[Source material Boundary: Start]

Lemma reach_loop (I Q : state -> Prop) (phi : state -> nat) d s : I s ->
  (forall s, I s -> reach s Q d \/
     exists2 b, 0 < b & reach s (fun s' => I s' /\ b + phi s' <= phi s) b) ->
  reach s Q (phi s + d).
Proof.
move=> Is body; have [k] := ubnP (phi s); elim: k s Is => // k IHk s Is lt_phi.
case: (body s Is) => [/(reach_le (leq_addl _ _)) //|[b b_gt0 reach_I]].
have -> : phi s + d = b + (phi s - b + d).
  by case: reach_I => [t [s' [_ _ [_ le_phi]]]]; lia.
apply: reach_seq reach_I _ => s' [Is' le_phi].
by apply: reach_le (IHk s' Is' _); lia.
Qed.

Lemma run_of_reach s (Q : (nat -> nat) -> Prop) b fuel :
  reach s (fun s' => step P tab s' = None /\ Q (Defs.mem s')) b -> b < fuel ->
  exists2 m, run P tab fuel s = Some m & Q m.
Proof.
move=> [t [s' [le_tb Et [halt Qs']]]] lt_b_fuel; exists (Defs.mem s') => //.
have -> : fuel = t + (fuel - t).-1.+1 by lia.
by rewrite (run_exec _ Et) /= halt.
Qed.

Section Instructions.
Variables (p : nat) (m : nat -> nat).
Lemma step_const d v : nth IHalt P p = IConst d v ->
  step P tab (State p m) = Some (State p.+1 (upd m d v)).
Proof. by rewrite /step /= => ->. Qed.
Lemma step_add d a b : nth IHalt P p = IAdd d a b ->
  step P tab (State p m) = Some (State p.+1 (upd m d (m a + m b))).
Proof. by rewrite /step /= => ->. Qed.
Lemma step_sub d a b : nth IHalt P p = ISub d a b ->
  step P tab (State p m) = Some (State p.+1 (upd m d (m a - m b))).
Proof. by rewrite /step /= => ->. Qed.
Lemma step_load d a : nth IHalt P p = ILoad d a ->
  step P tab (State p m) = Some (State p.+1 (upd m d (m (m a)))).
Proof. by rewrite /step /= => ->. Qed.
Lemma step_store a s : nth IHalt P p = IStore a s ->
  step P tab (State p m) = Some (State p.+1 (upd m (m a) (m s))).
Proof. by rewrite /step /= => ->. Qed.
Lemma step_tab d a b : nth IHalt P p = ITab d a b ->
  step P tab (State p m) = Some (State p.+1 (upd m d (tabN tab (m a) (m b)))).
Proof. by rewrite /step /= => ->. Qed.
Lemma step_jmp l : nth IHalt P p = IJmp l ->
  step P tab (State p m) = Some (State l m).
Proof. by rewrite /step /= => ->. Qed.
Lemma step_jlt_taken a b l : nth IHalt P p = IJlt a b l -> m a < m b ->
  step P tab (State p m) = Some (State l m).
Proof. by rewrite /step /= => -> ->. Qed.
Lemma step_jlt_not_taken a b l : nth IHalt P p = IJlt a b l -> m b <= m a ->
  step P tab (State p m) = Some (State p.+1 m).
Proof. by rewrite /step /= => -> le_ba; rewrite ltnNge le_ba. Qed.
Lemma step_halt : nth IHalt P p = IHalt ->
  step P tab (State p m) = None.
Proof. by rewrite /step /= => ->. Qed.
End Instructions.
End Machine.

Definition at_pc p (R : (nat -> nat) -> Prop) (s : state) := pc s = p /\ R (Defs.mem s).

Lemma updE m a v x : upd m a v x = if x == a then v else m x.
Proof. by []. Qed.

Lemma tabN_ord n (tab : 'I_n -> 'I_n -> 'I_n) (i j : 'I_n) : tabN tab i j = tab i j.
Proof. by rewrite /tabN !valK. Qed.

Ltac simpl_state := match goal with
  |- reach _ _ (State _ ?m) _ _ => let m' := eval simpl in m in change m with m' end.
Ltac step1 := apply: reach_step; [ first [ apply: step_const; reflexivity
  | apply: step_add; reflexivity | apply: step_sub; reflexivity
  | apply: step_load; reflexivity | apply: step_store; reflexivity
  | apply: step_tab; reflexivity | apply: step_jmp; reflexivity ] | simpl_state ].
Ltac jump := apply: reach_step; [ apply: step_jlt_taken; [reflexivity | ] | ].
Ltac no_jump := apply: reach_step; [ apply: step_jlt_not_taken; [reflexivity | ] | ].
Ltac decide_reg_eqs := repeat match goal with
  | |- context [?x == ?y :> nat] =>
      (have ->: (x == y) = false by apply/eqP; lia) || (have ->: (x == y) = true by apply/eqP; lia)
  end.
Ltac eval_regs := rewrite /= ?updE /=; decide_reg_eqs.

Definition output_block : seq instr :=
  flatten [seq [:: IConst (15 - j) (15 - j); IAdd (15 - j) (15 - j) 0; ILoad (15 - j) (15 - j)]
          | j <- iota 0 15].

(* Registers: r0 = n on entry; r1 = n, r11 = 1, r12 = 0; r2 = |A| and r3 = |L|,
   where A is the list of generators found so far and L the list of visited
   indices; r4 = current candidate; r5 = cursor of the pass over L, then output index;
   r8, r9, r10 are scratch.  Arrays: the visited flag of x at 16 + n + x
   (base r6), L_i at 16 + 2n + i (base r7), A_j at 16 + 3n + j + 1 (base r13). *)
Definition prog : program := [::
  IConst 11 1; IAdd 1 0 12; IConst 8 16; IAdd 6 8 1; IAdd 7 6 1; IAdd 13 7 1; IConst 4 0;
  (* 7: find the index r4 of the identity, i.e. with tab r4 r4 = r4 *)
  ITab 8 4 4; IJlt 8 4 11; IJlt 4 8 11; IJmp 13;
  IAdd 4 4 11; IJmp 7;
  (* 13: L := [:: r4], then scan the candidates r4 = 0, 1, ... *)
  IAdd 8 6 4; IStore 8 11; IStore 7 4; IConst 3 1; IConst 2 0; IConst 4 0;
  IJlt 4 1 21; IJmp 49;
  IAdd 8 6 4; ILoad 9 8; IJlt 12 9 47;
  (* 24: r4 is not visited: append it to A and to L *)
  IAdd 2 2 11; IAdd 8 13 2; IStore 8 4; IAdd 8 6 4; IStore 8 11; IAdd 8 7 3; IStore 8 4;
  IAdd 3 3 11; IConst 5 0;
  (* 33: close L under multiplication by r4 *)
  IJlt 5 3 35; IJmp 47;
  IAdd 8 7 5; ILoad 9 8; ITab 9 9 4; IAdd 8 6 9; ILoad 10 8; IAdd 5 5 11; IJlt 12 10 33;
  IStore 8 11; IAdd 8 7 3; IStore 8 9; IAdd 3 3 11; IJmp 33;
  (* 47: next candidate *)
  IAdd 4 4 11; IJmp 19;
  (* 49: output |A| in r0 and A_j in r_j, by a loop for j > 15, then by
     straight-line code for the registers j <= 15 that the loop itself uses *)
  IAdd 0 13 12; IStore 0 2; IAdd 5 2 12;
  IConst 8 15; IJlt 8 5 55; IJmp 60;
  IAdd 9 0 5; ILoad 10 9; IStore 5 10; ISub 5 5 11; IJmp 52]
  ++ output_block ++ [:: ILoad 0 0; IHalt].

Record layout n (m : nat -> nat) : Prop := Layout {
  reg_n : m 1 = n; reg_marks : m 6 = 16 + n; reg_list : m 7 = 16 + n + n;
  reg_one : m 11 = 1; reg_zero : m 12 = 0; reg_gens : m 13 = 16 + n + n + n }.

Definition scratch_reg d := d \in [:: 4; 5; 8; 9; 10].

Definition set_up n m := layout n m /\ forall a, 16 <= a -> m a = 0.

Lemma layout_upd n m (d : nat) v : scratch_reg d -> layout n m -> layout n (upd m d v).
Proof. by rewrite /scratch_reg !inE => sd [*]; constructor; eval_regs. Qed.

Lemma set_up_upd n m (d : nat) v : scratch_reg d -> set_up n m -> set_up n (upd m d v).
Proof.
move=> sd [/(layout_upd v sd) lay zero]; split=> // a le_16a.
by move: sd; rewrite /scratch_reg !inE => sd; eval_regs; apply: zero.
Qed.

Lemma reach_set_up n (tab : 'I_n -> 'I_n -> 'I_n) :
  reach prog tab (init n) (at_pc 7 (fun m => set_up n m /\ m 4 = 0)) 7.
Proof.
rewrite /init; do 7 step1; apply: reach_now; split=> //; split; last by eval_regs.
by split; [constructor; eval_regs; rewrite ?addn0 | move=> a le_16a; eval_regs].
Qed.

Section Output.
Variables (n : nat) (tab : 'I_n -> 'I_n -> 'I_n) (K : nat) (a : nat -> nat).
Hypothesis lt_K : K < 16 + n.
Local Notation AB := (16 + n + n + n).
Local Notation gens_stored m := (forall j, 0 < j <= K -> m (AB + j) = a j).

Definition copying_high i m := [/\ m 0 = AB, m 11 = 1, m 5 = i, i <= K & m AB = K] /\
  gens_stored m /\ forall j, i < j <= K -> m j = a j.

Definition high_copied m := [/\ m 0 = AB, m AB = K, gens_stored m &
  forall j, 15 < j <= K -> m j = a j].

Lemma copy_high_next i m : 15 < i -> copying_high i m ->
  reach prog tab (State 52 m) (at_pc 52 (copying_high i.-1)) 7.
Proof.
move=> lt_15i [[r0 r11 r5 le_iK rAB] [stored copied]].
step1; jump; first by eval_regs; rewrite r5.
step1; eval_regs; rewrite r0 r5. step1; eval_regs; rewrite stored; last by lia.
step1; eval_regs; rewrite r5. step1; eval_regs; rewrite r5 r11 subn1. step1.
apply: reach_now; split=> //; split; first by split; eval_regs; rewrite ?r0 ?r11 ?rAB //; lia.
split=> [j lt_jK|j lt_jK]; eval_regs; first exact: stored.
by case: ltngtP => [lt|gt|->]; [lia | eval_regs; apply: copied; lia | eval_regs].
Qed.

Lemma copy_high_done i m : i <= 15 -> copying_high i m ->
  reach prog tab (State 52 m) (at_pc 60 high_copied) 3.
Proof.
move=> le_i15 [[r0 r11 r5 le_iK rAB] [stored copied]].
step1; no_jump; first by eval_regs; rewrite r5.
step1; apply: reach_now; split=> //; split=> // j lt_jK; eval_regs.
  by [apply: stored; lia | apply: copied; lia].
Qed.

Lemma copy_high i m : copying_high i m ->
  reach prog tab (State 52 m) (at_pc 60 high_copied) (7 * (i - 15) + 3).
Proof.
move=> inv; have [[_ _ r5 _ _] _] := inv; rewrite -r5.
apply: (reach_loop (I := at_pc 52 (fun m => copying_high (m 5) m))
                   (phi := fun s => 7 * (Defs.mem s 5 - 15))%N); first by rewrite /at_pc /= r5.
move=> [_ m'] [/= -> inv']; have [lt|le] := ltnP 15 (m' 5); last first.
  by left; apply: copy_high_done inv'.
right; exists 7 => //; apply: reach_conseq (copy_high_next lt inv').
move=> [_ m''] [/= -> inv'']; have [[_ _ r5'' _ _] _] := inv''.
by rewrite /at_pc /= r5''; split; [split | lia].
Qed.

Lemma prog_output_block k : k < 15 ->
  [/\ nth IHalt prog (105 - 3 * k.+1) = IConst k.+1 k.+1,
      nth IHalt prog (105 - 3 * k.+1).+1 = IAdd k.+1 k.+1 0 &
      nth IHalt prog (105 - 3 * k.+1).+2 = ILoad k.+1 k.+1].
Proof. by do 15 (case: k => [|k]; first by split). Qed.

Definition low_copied m k m' := m' 0 = AB /\
  forall x, 0 < x -> m' x = if k < x <= 15 then m (AB + x) else m x.

Lemma copy_low k m m' : k <= 15 -> low_copied m k m' ->
  reach prog tab (State (105 - 3 * k) m') (at_pc 105 (low_copied m 0)) (3 * k).
Proof.
elim: k m' => [|k IHk] m' le_k15 [r0 low]; first exact: reach_now.
have [I1 I2 I3] := prog_output_block le_k15.
apply: (reach_le (b := (3 * k).+3)); first by rewrite mulnS.
apply: reach_step (step_const _ _ I1) _; apply: reach_step (step_add _ _ I2) _.
apply: reach_step (step_load _ _ I3) _.
have -> : (105 - 3 * k.+1).+3 = 105 - 3 * k by lia.
apply: IHk; first lia.
split=> [|x x_gt0]; eval_regs; rewrite r0 //.
case: (eqVneq x k.+1) => [->|ne_xk]; eval_regs.
  by rewrite [k.+1 + _]addnC low; [do 2 case: ifP => //; lia | lia].
by rewrite low //; congr (if _ then _ else _); apply/idP/idP; lia.
Qed.
(* Under the triangle scaling property with constant $G\ge1$, the iterates of acc-BPP3 satisfy, for every $T\ge1$ and every $\lambda\in\Lambda$, $$d(\lambda)-d(\lambda_T)\le\frac{4G\,D_h(\lambda,\lambda_0)}{\big(\sum_{k=0}^{T-1}\sqrt{\eta_k}\big)^2}.$$
   Context: $\Lambda\subseteq\mathbb{R}^m$ closed convex, $d:\Lambda\to\mathbb{R}$ concave. $h$ strictly convex, continuously differentiable on $\Lambda$, $D_h(\lambda,\tilde\lambda)=h(\lambda)-h(\tilde\lambda)-\nabla h(\tilde\lambda)^\top(\lambda-\tilde\lambda)$. Triangle scaling property with constant $G$: $D_h((1-\theta)\lambda+\theta\lambda_1,(1-\theta)\lambda+\theta\lambda_2)\le G\theta^2D_h(\lambda_1,\lambda_2)$ for all $\lambda,\lambda_1,\lambda_2\in\Lambda$, $\theta\in[0,1]$. Algorithm acc-BPP3: given $\lambda_0\in\Lambda$, $v_0=\lambda_0$, $\theta_0=1$, $\eta_k>0$; for $k\ge0$: $y_k=\theta_kv_k+(1-\theta_k)\lambda_k$; $\lambda_{k+1}\in\arg\max_{\lambda\in\Lambda}\{d(\lambda)-\frac1{\eta_k}D_h(\lambda,y_k)\}$; $v_{k+1}\in\arg\max_{\lambda\in\Lambda}\big\{-GD_h(\lambda,\lambda_0)+\sum_{j=0}^k\frac{\eta_j}{\theta_j}\big(d(\lambda_{j+1})+\frac1{\eta_j}(\nabla h(\lambda_{j+1})-\nabla h(y_j))^\top(\lambda-\lambda_{j+1})\big)\big\}$; $\theta_{k+1}\in(0,1]$ is defined by $\frac{\eta_k}{\theta_k^2}=\frac{\eta_{k+1}}{\theta_{k+1}^2}-\frac{\eta_{k+1}}{\theta_{k+1}}$. All maximizers are assumed to exist. *)

From Stdlib Require Import Reals Lra.
Open Scope R_scope.

(* Vectors of R^m are represented as functions nat -> R whose support is
   contained in {0,...,m-1} (see [in_Rm]). *)
Definition vec := nat -> R.

Definition in_Rm (m : nat) (x : vec) : Prop := forall i, (m <= i)%nat -> x i = 0.

Definition vadd (x y : vec) : vec := fun i => x i + y i.
Definition vsub (x y : vec) : vec := fun i => x i - y i.
Definition vscale (a : R) (x : vec) : vec := fun i => a * x i.

Fixpoint dot (m : nat) (x y : vec) : R :=
  match m with
  | O => 0
  | S k => dot k x y + x k * y k
  end.

Definition vnorm (m : nat) (x : vec) : R := sqrt (dot m x x).

Definition subset_Rm (m : nat) (L : vec -> Prop) : Prop :=
  forall x, L x -> in_Rm m x.

Definition closed_in_Rm (m : nat) (L : vec -> Prop) : Prop :=
  forall x, in_Rm m x ->
    (forall eps, 0 < eps -> exists y, L y /\ vnorm m (vsub x y) < eps) -> L x.

Definition convex_in (L : vec -> Prop) : Prop :=
  forall x y t, L x -> L y -> 0 <= t <= 1 ->
    L (vadd (vscale t x) (vscale (1 - t) y)).

Definition concave_on (L : vec -> Prop) (d : vec -> R) : Prop :=
  forall x y t, L x -> L y -> 0 <= t <= 1 ->
    t * d x + (1 - t) * d y <= d (vadd (vscale t x) (vscale (1 - t) y)).

Definition strictly_convex_on (L : vec -> Prop) (h : vec -> R) : Prop :=
  forall x y t, L x -> L y -> x <> y -> 0 < t < 1 ->
    h (vadd (vscale t x) (vscale (1 - t) y)) < t * h x + (1 - t) * h y.

Definition has_gradient_at (m : nat) (h : vec -> R) (x g : vec) : Prop :=
  forall eps, 0 < eps -> exists delta, 0 < delta /\
    forall z, in_Rm m z -> vnorm m (vsub z x) < delta ->
      Rabs (h z - h x - dot m g (vsub z x)) <= eps * vnorm m (vsub z x).

Definition C1_on (m : nat) (L : vec -> Prop) (h : vec -> R) (gh : vec -> vec) : Prop :=
  (forall x, L x -> in_Rm m (gh x) /\ has_gradient_at m h x (gh x)) /\
  (forall x, L x -> forall eps, 0 < eps -> exists delta, 0 < delta /\
     forall z, L z -> vnorm m (vsub z x) < delta ->
       vnorm m (vsub (gh z) (gh x)) < eps).

Definition Dh (m : nat) (h : vec -> R) (gh : vec -> vec) (x y : vec) : R :=
  h x - h y - dot m (gh y) (vsub x y).

Definition triangle_scaling (m : nat) (L : vec -> Prop) (h : vec -> R)
    (gh : vec -> vec) (G : R) : Prop :=
  forall l l1 l2 th, L l -> L l1 -> L l2 -> 0 <= th <= 1 ->
    Dh m h gh (vadd (vscale (1 - th) l) (vscale th l1))
              (vadd (vscale (1 - th) l) (vscale th l2))
    <= G * th ^ 2 * Dh m h gh l1 l2.

Definition accBPP3 (m : nat) (L : vec -> Prop) (d h : vec -> R) (gh : vec -> vec)
    (G : R) (eta theta : nat -> R) (lam v y : nat -> vec) : Prop :=
  L (lam O) /\ v O = lam O /\ theta O = 1 /\
  (forall k, 0 < eta k) /\
  (forall k, y k = vadd (vscale (theta k) (v k)) (vscale (1 - theta k) (lam k))) /\
  (forall k, L (lam (S k)) /\
     forall l, L l ->
       d l - / eta k * Dh m h gh l (y k)
       <= d (lam (S k)) - / eta k * Dh m h gh (lam (S k)) (y k)) /\
  (forall k, L (v (S k)) /\
     let obj := fun l : vec =>
       - G * Dh m h gh l (lam O)
       + sum_f_R0 (fun j => eta j / theta j *
            (d (lam (S j)) + / eta j *
               dot m (vsub (gh (lam (S j))) (gh (y j))) (vsub l (lam (S j))))) k in
     forall l, L l -> obj l <= obj (v (S k))) /\
  (forall k, 0 < theta (S k) <= 1 /\
     eta k / theta k ^ 2 = eta (S k) / theta (S k) ^ 2 - eta (S k) / theta (S k)).

From Stdlib Require Import Reals Lra Psatz Lia Classical FunctionalExtensionality.
Open Scope R_scope.

(* Let ell_k be the linearization of d at lam_(k+1) supplied by the optimality of
   the proximal step (it majorizes d on Lambda), A_k := eta_k / theta_k^2 ([weight]),
   and P_k := sum_(j<=k) (eta_j / theta_j) ell_j ([lin_sum]), so that v_(k+1) maximizes
   -G D_h(., lam_0) + P_k.  The triangle scaling property bounds the extrapolation
   error of ell_k at (1 - theta_k) lam_k + theta_k v_(k+1), and the three-point
   identity of the mirror step telescopes these errors, giving by induction
   max (-G D_h(., lam_0) + P_k) <= A_k d(lam_(k+1)).  Since P_k >= A_k d (the
   weights eta_j / theta_j sum to A_k), A_k (d(l) - d(lam_(k+1))) <= G D_h(l, lam_0),
   and the step-size recursion gives sqrt A_k >= (1/2) sum_(j<=k) sqrt eta_j. *)

Local Notation segment t x z := (vadd (vscale t x) (vscale (1 - t) z)).

Lemma dot_add_r m a b c : dot m a (vadd b c) = dot m a b + dot m a c.
Proof. induction m; simpl; [ring | rewrite IHm; unfold vadd; ring]. Qed.

Lemma dot_scale_r m a t b : dot m a (vscale t b) = t * dot m a b.
Proof. induction m; simpl; [ring | rewrite IHm; unfold vscale; ring]. Qed.

Lemma dot_scale_l m t a b : dot m (vscale t a) b = t * dot m a b.
Proof. induction m; simpl; [ring | rewrite IHm; unfold vscale; ring]. Qed.

Lemma dot_sub_r m a b c : dot m a (vsub b c) = dot m a b - dot m a c.
Proof. induction m; simpl; [ring | rewrite IHm; unfold vsub; ring]. Qed.

Lemma dot_sub_l m a b c : dot m (vsub a b) c = dot m a c - dot m b c.
Proof. induction m; simpl; [ring | rewrite IHm; unfold vsub; ring]. Qed.

Lemma vnorm_scale m t a : 0 <= t -> vnorm m (vscale t a) = t * vnorm m a.
Proof.
  intro Ht. unfold vnorm. rewrite dot_scale_l, dot_scale_r, <- Rmult_assoc.
  rewrite sqrt_mult_alt by nra. rewrite sqrt_square by lra. reflexivity.
Qed.

Lemma vsub_segment t x z : vsub (segment t x z) z = vscale t (vsub x z).
Proof. apply functional_extensionality; intro i; unfold vsub, vadd, vscale; ring. Qed.

Lemma in_Rm_segment m t x z : in_Rm m x -> in_Rm m z -> in_Rm m (segment t x z).
Proof. intros Hx Hz i Hi. unfold vadd, vscale. rewrite (Hx i Hi), (Hz i Hi). ring. Qed.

[Source material Boundary: End]

** Exercise objective **
Only lines of the data holding the word "constructor" go in the answer. Please copy each of them.

** Exercise output **
Proof. by rewrite /scratch_reg !inE => sd [*]; constructor; eval_regs. Qed.
by split; [constructor; eval_regs; rewrite ?addn0 | move=> a le_16a; eval_regs].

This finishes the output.